Monday, May 15, 2017

Statistics in the Computer Age

Efron and Tibshirani's Computer Age Statistical Inference (CASI) is about as good as it gets. Just read it. (Yes, I generally gush about most work in the Efron, Hastie, Tibshirani, Brieman, Friedman, et al. tradition.  But there's good reason for that.)  As with the earlier Hastie-Tibshirani Springer-published blockbusters (e.g., here), the CASI publisher (Cambridge) has allowed ungated posting of the pdf (here).  Hats off to Efron, Tibshirani, Springer, and Cambridge.

Monday, May 8, 2017

Replicating Anomalies

I blogged a few weeks ago on "the file drawer problem".  In that vein, check out the interesting new paper below. I like their term "p-hacking". 

Random thought 1:  
Note that reverse p-hacking can also occur, when an author wants low p-values.  In the study below, for example, the deck could be stacked with all sorts of dubious/spurious "anomaly variables" that no one ever took seriously.  Then of course a very large number would wind up with low p-values.  I am not suggesting that the study below is guilty of this; rather, I simply had never thought about reverse p-hacking before, and this paper led me to think of the possibility, so I'm relaying the thought.
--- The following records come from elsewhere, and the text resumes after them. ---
(* Let $\mathcal{C}$ be a PL-cograph on a point set $\mathcal{P}$ that takes at least two distinct values, and let $X\neq Y$ be points of $\mathcal{P}$. Let $O$ be a point such that $e=\mathcal{C}(X,Y)$, $f=\mathcal{C}(O,X)$ and $g=\mathcal{C}(O,Y)$ are pairwise distinct (such a point exists). For each point $P\notin\{X,Y\}$ define its label $\lambda(P)$ to be the ordered pair $(\mathcal{C}(P,X),\mathcal{C}(P,Y))$ if $\mathcal{C}(P,X)\neq\mathcal{C}(P,Y)$, and the single edge $\mathcal{C}(P,O)$ if $\mathcal{C}(P,X)=\mathcal{C}(P,Y)$ (labels of the two kinds being regarded as different). Then distinct points $P\neq Q$ in $\mathcal{P}\setminus\{X,Y\}$ have distinct labels, i.e. each such point is uniquely determined by its label.
   Context: A cograph is a function $\mathcal{C}$ assigning to each unordered pair $\{P,Q\}$ of distinct elements of a set $\mathcal{P}$ (points) a value $\mathcal{C}(P,Q)$ (an edge). A PL-cograph is a cograph satisfying: (1) for distinct points $P,Q,R$, if $\mathcal{C}(P,Q)=\mathcal{C}(Q,R)$ then $\mathcal{C}(P,Q)=\mathcal{C}(P,R)$; (2) for distinct points $P,Q,R,S$, if $\mathcal{C}(P,Q)=\mathcal{C}(R,S)$ then $\mathcal{C}(P,Q)=\mathcal{C}(P,R)=\mathcal{C}(P,S)=\mathcal{C}(Q,R)=\mathcal{C}(Q,S)$. *)

From mathcomp Require Import all_boot.
Set Implicit Arguments. Unset Strict Implicit. Unset Printing Implicit Defensive.

(* A cograph on the point type P with edge values in E is modelled as a
   function C : P -> P -> E which is symmetric on distinct points; only its
   values on pairs of distinct points are meaningful (an unordered pair
   {p,q} with p <> q gets the value C p q = C q p). *)
Definition cograph {P : Type} {E : Type} (C : P -> P -> E) : Prop :=
  forall p q : P, p <> q -> C p q = C q p.

Definition PL_axiom1 {P E : Type} (C : P -> P -> E) : Prop :=
  forall p q r : P, p <> q -> p <> r -> q <> r ->
    C p q = C q r -> C p q = C p r.

Definition PL_axiom2 {P E : Type} (C : P -> P -> E) : Prop :=
  forall p q r s : P,
    p <> q -> p <> r -> p <> s -> q <> r -> q <> s -> r <> s ->
    C p q = C r s ->
    [/\ C p q = C p r, C p q = C p s, C p q = C q r & C p q = C q s].

Definition PL_cograph {P E : Type} (C : P -> P -> E) : Prop :=
  [/\ cograph C, PL_axiom1 C & PL_axiom2 C].

Definition two_values {P E : Type} (C : P -> P -> E) : Prop :=
  exists a b c d : P, a <> b /\ c <> d /\ C a b <> C c d.

Definition label {P : Type} {E : eqType} (C : P -> P -> E) (X Y O p : P)
  : (E * E) + E :=
  if C p X != C p Y then inl (C p X, C p Y) else inr (C p O).

(* Two points P, Q with the same pair label see X along one edge, which by
   axiom (1) in the triangle P Q X is C(P,Q); the same holds for Y, forcing
   C(P,X) = C(P,Y), contrary to P having a pair label.  Call P balanced if
   C(P,X) = C(P,Y), i.e. if its label is a single edge.  A balanced point is
   joined to both X and Y by e = C(X,Y) (axiom (1) in the triangle X Y P), so
   for two of them the disjoint edges PX and QY both carry e and axiom (2)
   gives C(P,Q) = e.  Equal single labels C(P,O) = C(Q,O) then give
   C(P,O) = C(P,Q) = e by axiom (1), and axiom (2) applied to the disjoint
   edges XY and PO yields f = C(X,O) = e, a contradiction. *)
From mathcomp Require Import all_boot.

Set Implicit Arguments.
Unset Strict Implicit.
Unset Printing Implicit Defensive.

Section PLCograph.

Variables (P E : Type) (C : P -> P -> E).
Hypotheses (C_sym : cograph C) (C_ax1 : PL_axiom1 C) (C_ax2 : PL_axiom2 C).

Lemma PL_isosceles p q r : p <> q -> p <> r -> q <> r ->
  C p r = C q r -> C p q = C p r.
Proof.
move=> pq pr qr eq_r; have rq := not_eq_sym qr.
by symmetry; apply: C_ax1; rewrite // [C r q]C_sym.
Qed.

Lemma PL_balanced_edge p X Y : p <> X -> p <> Y -> X <> Y ->
  C p X = C p Y -> C p X = C X Y.
Proof.
move=> pX pY XY bal_p; have [Xp Yp] := (not_eq_sym pX, not_eq_sym pY).
by rewrite C_sym // (PL_isosceles XY Xp Yp) // (C_sym Xp) (C_sym Yp).
Qed.

Lemma PL_twins_balanced p q X Y : p <> X -> p <> Y -> q <> X -> q <> Y ->
  p <> q -> C p X = C q X -> C p Y = C q Y -> C p X = C p Y.
Proof.
move=> pX pY qX qY pq eqX eqY.
by rewrite -(PL_isosceles pq pX qX eqX) (PL_isosceles pq pY qY eqY).
Qed.

Lemma PL_balanced_pair_edge p q X Y : X <> Y -> p <> X -> p <> Y ->
  q <> X -> q <> Y -> p <> q ->
  C p X = C p Y -> C q X = C q Y -> C p q = C X Y.
Proof.
move=> XY pX pY qX qY pq bal_p bal_q.
have pXe := PL_balanced_edge pX pY XY bal_p.
have qYe : C p X = C q Y by rewrite -bal_q pXe (PL_balanced_edge qX qY XY bal_q).
have [pXq _ _ _] := C_ax2 pX pq pY (not_eq_sym qX) XY qY qYe.
by rewrite -pXe -pXq.
Qed.

Lemma PL_balanced_labels_edge p q X Y O : X <> Y -> O <> X -> O <> Y ->
  p <> X -> p <> Y -> q <> X -> q <> Y -> p <> q -> p <> O -> q <> O ->
  C p X = C p Y -> C q X = C q Y -> C p O = C q O -> C X O = C X Y.
Proof.
move=> XY OX OY pX pY qX qY pq pO qO bal_p bal_q eqO.
have pOe : C X Y = C p O.
  rewrite -(PL_balanced_pair_edge XY pX pY qX qY pq) //.
  exact: PL_isosceles.
have nsym := @not_eq_sym P.
by have [] := C_ax2 XY (nsym _ _ pX) (nsym _ _ OX) (nsym _ _ pY) (nsym _ _ OY) pO pOe.
Qed.

End PLCograph.

Theorem theorem5p1 (P : Type) (E : eqType) (C : P -> P -> E)
  (HC : PL_cograph C) (H2 : two_values C)
  (X Y O : P) (HXY : X <> Y) (HOX : O <> X) (HOY : O <> Y)
  (Hef : C X Y <> C O X) (Heg : C X Y <> C O Y) (Hfg : C O X <> C O Y) :
  forall p q : P, p <> X -> p <> Y -> q <> X -> q <> Y -> p <> q ->
    label C X Y O p <> label C X Y O q.
Proof.
case: HC => C_sym C_ax1 C_ax2 p q pX pY qX qY pq.
rewrite /label; case: eqP => [bal_p|unbal_p]; case: eqP => [bal_q|unbal_q] //.
- move=> [eqO]; apply: Hef.
  have pO : p <> O by move=> eq_pO; apply: Hfg; rewrite -eq_pO.
  have qO : q <> O by move=> eq_qO; apply: Hfg; rewrite -eq_qO.
  rewrite (C_sym O X HOX); symmetry.
  exact: (PL_balanced_labels_edge C_sym C_ax1 C_ax2 HXY HOX HOY pX pY qX qY pq).
- move=> [eqX eqY]; apply: unbal_p.
  exact: (PL_twins_balanced C_sym C_ax1 pX pY qX qY pq).
Qed.
Lemma orbit_lift_in_fiber (lam : Mprob (X * Y)%type R) :
  is_invariant (iter s0 T) mu ->
  (forall A, measurable A -> lam A = lift A) ->
  in_fiber T S (orbit_measure R S y0 s0) lam.
Proof.
move=> mu_inv lamE; split => [A mA|B mB].
  rewrite !lamE ?orbit_lift_invariant //.
  exact: measurable_preimage_continuous (continuous_prodmap cT cS) mA.
rewrite /pushf lamE ?orbit_lift_marginal //.
exact: measurable_preimage_continuous continuous_snd mB.
Qed.

Definition lift_prob : Mprob (X * Y)%type R :=
  mnormalize (msum (fun j => pushforward_measure mu (msection j)) s0)
    (\d_(point : borel (X * Y)%type)).

Lemma lift_probE (A : set (borel (X * Y)%type)) : lift_prob A = lift A.
Proof.
have s0_neq0 : (s0%:R : R) != 0 by rewrite pnatr_eq0 -lt0n.
have evidence : msum (fun j => pushforward_measure mu (msection j)) s0
    [set: borel (X * Y)%type] = s0%:R%:E.
  rewrite /msum /= /pushforward.
  under eq_bigr do rewrite preimage_setT probability_setT.
  by rewrite sumr_const card_ord EFin_natmul.
rewrite /lift_prob /= (mnormalizeE evidence) // muleC.
by rewrite /orbit_lift /msum /pushforward.
Qed.
(* Assume Hypothesis 1 (stated in the context). If $\dfrac{|C|}{|C_{\max}|}<\dfrac{m(m-1)}{\delta(\delta-1)}$, then $\delta_{\max}\le 2\delta$.
   Context: $H(m,2)$: vertex set $\mathbb F_2^m$, coordinates indexed by a set $M$, $|M|=m$; $d$ Hamming distance. For a code $C$: minimum distance $\delta$, covering radius $\rho=\max_\alpha d(\alpha,C)$, $C_i=\{\alpha:d(\alpha,C)=i\}$. $\mathrm{Aut}(H(m,2))=B\rtimes L$, $B\cong\mathbb Z_2^m$ translations, $L\cong\mathrm{Sym}(M)$; $\mathrm{Aut}(C)$ is the setwise stabiliser of $C$. $C$ is completely transitive if $\mathrm{Aut}(C)$ is transitive on each of $C,C_1,\dots,C_\rho$. For a linear code $D$, $T_D$ is the group of translations by elements of $D$. For $C\ni\mathbf 0$, the maximal linear subcode $C_{\max}$ is the largest linear subcode $D\subseteq C$ with $T_D\le\mathrm{Aut}(C)$. Hypothesis 1: $C$ is a completely transitive code in $H(m,2)$ with $\mathbf 0\in C$ and minimum distance $\delta\ge5$; $X=\mathrm{Aut}(C)$; $C_{\max}$ is the maximal linear subcode with minimum distance $\delta_{\max}$; $X_{\max}$ is the setwise stabiliser of $C_{\max}$ in $X$; $2\le\dim C_{\max}\le m-2$. *)

From HB Require Import structures.
From mathcomp Require Import all_boot all_order all_algebra all_fingroup.
Set Implicit Arguments. Unset Strict Implicit. Unset Printing Implicit Defensive.
Import GRing.Theory.
Local Open Scope ring_scope.

(* Vertices of H(m,2): row vectors 'rV['F_2]_m; coordinate set M = 'I_m. *)
Notation vert m := 'rV['F_2]_m.

Definition hdist (m : nat) (x y : vert m) : nat :=
  #|[set i : 'I_m | x 0 i != y 0 i]|.

Definition dist_to (m : nat) (C : {set vert m}) (a : vert m) (i : nat) : Prop :=
  (exists2 c, c \in C & hdist a c = i) /\ (forall c, c \in C -> (i <= hdist a c)%N).

Definition min_dist (m : nat) (C : {set vert m}) (delta : nat) : Prop :=
  (exists c1, exists c2, [/\ c1 \in C, c2 \in C, c1 != c2 & hdist c1 c2 = delta]) /\
  (forall c1 c2, c1 \in C -> c2 \in C -> c1 != c2 -> (delta <= hdist c1 c2)%N).

(* Aut(H(m,2)) = B ⋊ L: the element (b, s) acts by coordinate permutation s
   followed by translation by b. *)
Definition aut_act (m : nat) (g : vert m * 'S_m) (x : vert m) : vert m :=
  col_perm g.2 x + g.1.

Definition in_AutC (m : nat) (C : {set vert m}) (g : vert m * 'S_m) : bool :=
  [set aut_act g x | x in C] == C.

(* completely transitive: Aut(C) transitive on each C_i (C_0 = C);
   C_i is empty for i > rho, so quantifying over all i is equivalent. *)
Definition completely_transitive (m : nat) (C : {set vert m}) : Prop :=
  forall (i : nat) (a b : vert m), dist_to C a i -> dist_to C b i ->
    exists2 g, in_AutC C g & aut_act g a = b.

Definition transl_in_Aut (m : nat) (C : {set vert m}) (D : {vspace vert m}) : Prop :=
  forall d, d \in D -> in_AutC C (d, 1%g).

Definition admissible_linear_subcode (m : nat) (C : {set vert m})
    (D : {vspace vert m}) : Prop :=
  (forall x, x \in D -> x \in C) /\ transl_in_Aut C D.

Definition is_max_linear_subcode (m : nat) (C : {set vert m})
    (Cmax : {vspace vert m}) : Prop :=
  admissible_linear_subcode C Cmax /\
  (forall D : {vspace vert m}, admissible_linear_subcode C D -> (D <= Cmax)%VS).

Definition vs_set (m : nat) (D : {vspace vert m}) : {set vert m} :=
  [set x | x \in D].

From HB Require Import structures.
From mathcomp Require Import all_boot all_order all_algebra all_fingroup.
From mathcomp Require Import zify.
Set Implicit Arguments. Unset Strict Implicit. Unset Printing Implicit Defensive.
Import GRing.Theory Num.Theory.
Local Open Scope ring_scope.

(* Suppose delta_max > 2 delta.  Since delta >= 5, every weight-2 vector lies
   at distance exactly 2 from C, and an automorphism of C mapping one weight-2
   vector to another must fix 0, hence is a pure coordinate permutation.  By
   complete transitivity on C_2 the supports of the codewords of weight delta
   therefore cover every ordered pair of distinct coordinates, so there are at
   least m(m-1) / (delta(delta-1)) of them.  Two such codewords differ by a
   vector of weight at most 2 delta < delta_max, so their translates by C_max
   are disjoint subsets of C, so |C| / |C_max| >= m(m-1) / (delta(delta-1)). *)

Lemma card_bigcup_leq (I T : finType) (P : pred I) (F : I -> {set T}) :
  (#|\bigcup_(i | P i) F i| <= \sum_(i | P i) #|F i|)%N.
Proof.
elim/big_rec2: _ => [|i n S _ IH]; first by rewrite cards0.
by rewrite (leq_trans (leq_card_setU _ _)) // leq_add2l.
Qed.

Definition offdiag (T : finType) (A : {set T}) : {set T * T} :=
  [set p in setX A A | p.1 != p.2].

Lemma card_offdiag (T : finType) (A : {set T}) :
  #|offdiag A| = (#|A| * (#|A| - 1))%N.
Proof.
have := cardsID [set p : T * T | p.1 == p.2] (setX A A).
have -> : setX A A :&: [set p : T * T | p.1 == p.2] = [set (x, x) | x in A].
  apply/setP => -[x y]; rewrite !inE /=; apply/idP/imsetP.
    by case/andP => /andP [xA _] /eqP <-; exists x.
  by case=> z zA [-> ->]; rewrite zA eqxx.
rewrite card_imset; last by move=> x y [].
have -> : setX A A :\: [set p : T * T | p.1 == p.2] = offdiag A.
  by apply/setP => -[x y]; rewrite !inE /= andbC.
by rewrite cardsX mulnBr muln1 => <-; rewrite addKn.
Qed.

Lemma ltr_nat_ratio (R : numFieldType) (a b c d : nat) :
  (0 < b)%N -> (0 < d)%N ->
  (a%:R / b%:R < c%:R / d%:R :> R) -> (a * d < c * b)%N.
Proof.
move=> b_gt0 d_gt0; rewrite -(ltr0n R) in b_gt0; rewrite -(ltr0n R) in d_gt0.
by rewrite (ltr_pdivrMr _ _ b_gt0) mulrAC (ltr_pdivlMr _ _ d_gt0) -!natrM ltr_nat.
Qed.

Section Hamming.
Variable m : nat.
Implicit Types (x y z : 'rV['F_2]_m) (g : 'rV['F_2]_m * 'S_m).

Definition supp x := [set t | x 0 t != 0].

Lemma hdistx0 x : hdist x 0 = #|supp x|.
Proof. by apply: eq_card => t; rewrite !inE mxE. Qed.

Lemma hdistC x y : hdist x y = hdist y x.
Proof. by apply: eq_card => t; rewrite !inE eq_sym. Qed.

Lemma hdistxx x : hdist x x = 0%N.
Proof. by apply/eqP; rewrite cards_eq0; apply/eqP/setP => t; rewrite !inE eqxx. Qed.

Lemma hdist_triangle x y z : (hdist x z <= hdist x y + hdist y z)%N.
Proof.
apply: leq_trans (leq_card_setU _ _); apply: subset_leq_card.
by apply/subsetP => t; rewrite !inE; case: (eqVneq (x 0 t) (y 0 t)) => [->|].
Qed.

Lemma hdistE x y : hdist x y = hdist (x - y) 0.
Proof. by apply: eq_card => t; rewrite !inE !mxE subr_eq0. Qed.

Lemma aut_actE g x t : aut_act g x 0 t = x 0 (g.2 t) + g.1 0 t.
Proof. by rewrite !mxE. Qed.

Lemma aut_act0 g : aut_act g 0 = g.1.
Proof. by rewrite /aut_act col_perm_const add0r. Qed.

Lemma aut_act_transl x d : aut_act (d, 1%g) x = x + d.
Proof. by rewrite /aut_act col_perm1. Qed.

Lemma hdist_aut_act g x y : hdist (aut_act g x) (aut_act g y) = hdist x y.
Proof.
rewrite /hdist; have -> : [set t | aut_act g x 0 t != aut_act g y 0 t] =
          g.2 @^-1: [set t | x 0 t != y 0 t].
  by apply/setP => t; rewrite !inE !aut_actE (inj_eq (@addIr _ _)).
exact/card_preimset/perm_inj.
Qed.

Lemma in_AutC_mem C g x : in_AutC C g -> x \in C -> aut_act g x \in C.
Proof. by move=> /eqP gC xC; rewrite -gC; apply: imset_f. Qed.

Definition pair_row (i j : 'I_m) : 'rV['F_2]_m :=
  \row_t (if (t == i) || (t == j) then 1 else 0).

Lemma supp_pair_row i j : supp (pair_row i j) = [set i; j].
Proof.
by apply/setP => t; rewrite !inE mxE; case: ifP; rewrite ?eqxx ?oner_eq0.
Qed.

Lemma hdist_pair_row0 i j : i != j -> hdist (pair_row i j) 0 = 2%N.
Proof. by move=> ij; rewrite hdistx0 supp_pair_row cards2 ij. Qed.

Lemma card_translates_leq (C W : {set 'rV['F_2]_m}) (D : {vspace 'rV['F_2]_m}) :
  W \subset C -> transl_in_Aut C D ->
  {in W &, forall u v, u - v \in D -> u = v} ->
  (#|W| * #|vs_set D| <= #|C|)%N.
Proof.
move=> /subsetP WC TD W_sep; rewrite -cardsX.
have <- : #|[set p.1 + p.2 | p in setX W (vs_set D)]| = #|setX W (vs_set D)|.
  apply: card_in_imset => -[u d] [v e]; rewrite !inE /=.
  move=> /andP [uW dD] /andP [vW eD] /= sum_eq.
  have uv : u = v.
    apply: W_sep => //; rewrite (_ : u - v = e - d) ?memvB //.
    by apply/eqP; rewrite subr_eq addrAC eq_sym subr_eq sum_eq addrC.
  by move: sum_eq; rewrite uv => /addrI ->.
apply/subset_leq_card/subsetP => x /imsetP [[u d]].
rewrite !inE /= => /andP [uW dD] ->.
by rewrite -aut_act_transl; apply/in_AutC_mem/WC/uW/TD.
Qed.

Lemma min_dist_separated (W : {set 'rV['F_2]_m}) (D : {vspace 'rV['F_2]_m})
    (r dD : nat) :
  {in W, forall w, hdist w 0 <= r}%N -> min_dist (vs_set D) dD -> (2 * r < dD)%N ->
  {in W &, forall u v, u - v \in D -> u = v}.
Proof.
move=> W_r [_ D_dD] r_lt u v uW vW uvD; apply/eqP; rewrite -subr_eq0.
apply: contraLR r_lt => uv_nz; rewrite -leqNgt.
apply: leq_trans (D_dD _ _ _ _ uv_nz) _; rewrite ?inE ?mem0v //.
rewrite -hdistE (leq_trans (hdist_triangle u 0 v)) // (hdistC 0) mul2n -addnn.
by rewrite leq_add ?W_r.
Qed.

End Hamming.

Section CompletelyTransitiveCode.
Variables (m delta : nat) (C : {set 'rV['F_2]_m}).
Hypotheses (C_ct : completely_transitive C) (C0 : 0 \in C)
  (C_delta : min_dist C delta) (delta_gt4 : (4 < delta)%N).

Lemma hdist0_codeword c : c \in C -> c != 0 -> (delta <= hdist c 0)%N.
Proof. by move=> cC c_nz; case: C_delta => _; apply. Qed.

Lemma exists_codeword_of_weight_delta : exists2 w, w \in C & hdist w 0 = delta.
Proof.
have [[c1 [c2 [c1C c2C _ c12]]] _] := C_delta.
have c_in_C0 c : c \in C -> dist_to C c 0 by split => //; exists c; rewrite ?hdistxx.
have [g gA gc1] := C_ct (c_in_C0 _ c1C) (c_in_C0 _ C0).
exists (aut_act g c2); first exact: in_AutC_mem.
by rewrite -gc1 hdist_aut_act hdistC.
Qed.

Lemma dist_to_pair_row (i j : 'I_m) : i != j -> dist_to C (pair_row i j) 2.
Proof.
move=> ij; split; first by exists 0; rewrite ?hdist_pair_row0.
move=> c cC; have [->|c_nz] := eqVneq c 0; first by rewrite hdist_pair_row0.
have := hdist0_codeword cC c_nz; have := hdist_triangle c (pair_row i j) 0.
by rewrite hdist_pair_row0 // (hdistC (pair_row i j)); lia.
Qed.

(* The image of 0 is a codeword within distance 4 of 0, hence 0 itself. *)
Lemma aut_transl_eq0 g x :
  in_AutC C g -> hdist x 0 = 2%N -> hdist (aut_act g x) 0 = 2%N -> g.1 = 0.
Proof.
move=> gA x2 gx2; apply/eqP; apply: contraLR delta_gt4 => g1_nz.
have g1C : g.1 \in C by rewrite -aut_act0; apply: in_AutC_mem.
have := hdist0_codeword g1C g1_nz; have := hdist_triangle g.1 (aut_act g x) 0.
by rewrite -{2}aut_act0 hdist_aut_act (hdistC 0 x) x2 gx2; lia.
Qed.

Definition min_weight_words := [set w in C | hdist w 0 == delta].

Lemma min_weight_words_cover (k l : 'I_m) : k != l ->
  exists2 w, w \in min_weight_words & (k \in supp w) && (l \in supp w).
Proof.
move=> kl; have [w0 w0C w0_delta] := exists_codeword_of_weight_delta.
have [i [j [i_w0 j_w0 ij]]] : exists i j, [/\ i \in supp w0, j \in supp w0 & i != j].
  by apply/card_gt1P; rewrite -hdistx0 w0_delta; lia.
have [g gA g_ij] := C_ct (dist_to_pair_row ij) (dist_to_pair_row kl).
have g1_0 : g.1 = 0.
  by apply: (aut_transl_eq0 gA (hdist_pair_row0 ij)); rewrite g_ij hdist_pair_row0.
have supp_g x : supp (aut_act g x) = g.2 @^-1: supp x.
  by apply/setP => t; rewrite !inE aut_actE g1_0 mxE addr0.
exists (aut_act g w0).
  have g0 : aut_act g 0 = 0 by rewrite aut_act0 g1_0.
  by rewrite inE in_AutC_mem //= -g0 hdist_aut_act w0_delta.
have : [set k; l] \subset supp (aut_act g w0).
  rewrite -supp_pair_row -g_ij !supp_g; apply: preimsetS.
  by rewrite supp_pair_row subUset !sub1set i_w0.
by rewrite subUset !sub1set => /andP [-> ->].
Qed.

Lemma card_min_weight_words :
  (m * (m - 1) <= #|min_weight_words| * (delta * (delta - 1)))%N.
Proof.
rewrite -[in X in (X <= _)%N](card_ord m) -cardsT -card_offdiag.
apply: (@leq_trans #|\bigcup_(w in min_weight_words) offdiag (supp w)|).
  apply/subset_leq_card/subsetP => -[k l]; rewrite !inE /= => kl.
  have [w wW /andP [kw lw]] := min_weight_words_cover kl.
  by apply/bigcupP; exists w; rewrite // inE in_setX kw lw kl.
apply: leq_trans (card_bigcup_leq _ _) _; rewrite -sum_nat_const.
apply: leq_sum => w; rewrite inE => /andP [_ /eqP w_delta].
by rewrite card_offdiag -hdistx0 w_delta.
Qed.

End CompletelyTransitiveCode.

Theorem lemma2p8 (m : nat) (C : {set 'rV['F_2]_m}) (delta : nat)
    (Cmax : {vspace 'rV['F_2]_m}) (delta_max : nat) :
  completely_transitive C ->
  (0 : 'rV['F_2]_m)%R \in C ->
  min_dist C delta -> (5 <= delta)%N ->
  is_max_linear_subcode C Cmax ->
  min_dist (vs_set Cmax) delta_max ->
  (2 <= \dim Cmax <= m - 2)%N ->
  ((#|C|%:R / #|vs_set Cmax|%:R : rat) <
     (m * (m - 1))%:R / (delta * (delta - 1))%:R)%R ->
  (delta_max <= 2 * delta)%N.
Proof.
move=> C_ct C0 C_delta delta_ge5 [[_ Cmax_transl] _] Cmax_dmax _ ratio_lt.
rewrite leqNgt; apply/negP => dmax_gt.
set W := min_weight_words delta C.
have W_sub : W \subset C by apply/subsetP => w; rewrite inE => /andP [].
have W_delta : {in W, forall w, hdist w 0 <= delta}%N.
  by move=> w; rewrite inE => /andP [_ /eqP ->].
have W_C := card_translates_leq W_sub Cmax_transl
  (min_dist_separated W_delta Cmax_dmax dmax_gt).
have W_pairs := card_min_weight_words C_ct C0 C_delta delta_ge5.
have Cmax_gt0 : (0 < #|vs_set Cmax|)%N by apply/card_gt0P; exists 0; rewrite inE mem0v.
have delta_gt0 : (0 < delta * (delta - 1))%N by rewrite muln_gt0; lia.
have := ltr_nat_ratio Cmax_gt0 delta_gt0 ratio_lt; rewrite ltnNge => /negP; apply.
rewrite (leq_trans (leq_mul W_pairs (leqnn _))) // mulnAC.
by rewrite leq_mul2r W_C orbT.
Qed.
Related random thought 2:  
It would be interesting to compare anomalies published in "top journals" and "non-top journals" to see whether the top journals are more guilty or less guilty of p-hacking.  I can think of competing factors that could tip it either way!

Replicating Anomalies
by Kewei Hou, Chen Xue, Lu Zhang - NBER Working Paper #23394
Abstract:
The anomalies literature is infested with widespread p-hacking. We replicate the entire anomalies literature in finance and accounting by compiling a largest-to-date data library that contains 447 anomaly variables. With microcaps alleviated via New York Stock Exchange breakpoints and value-weighted returns, 286 anomalies (64%) including 95 out of 102 liquidity variables (93%) are insignificant at the conventional 5% level. Imposing the cutoff t-value of three raises the number of insignificance to 380 (85%). Even for the 161 significant anomalies, their magnitudes are often much lower than originally reported. Out of the 161, the q-factor model leaves 115 alphas insignificant (150 with t < 3). In all, capital markets are more efficient than previously recognized.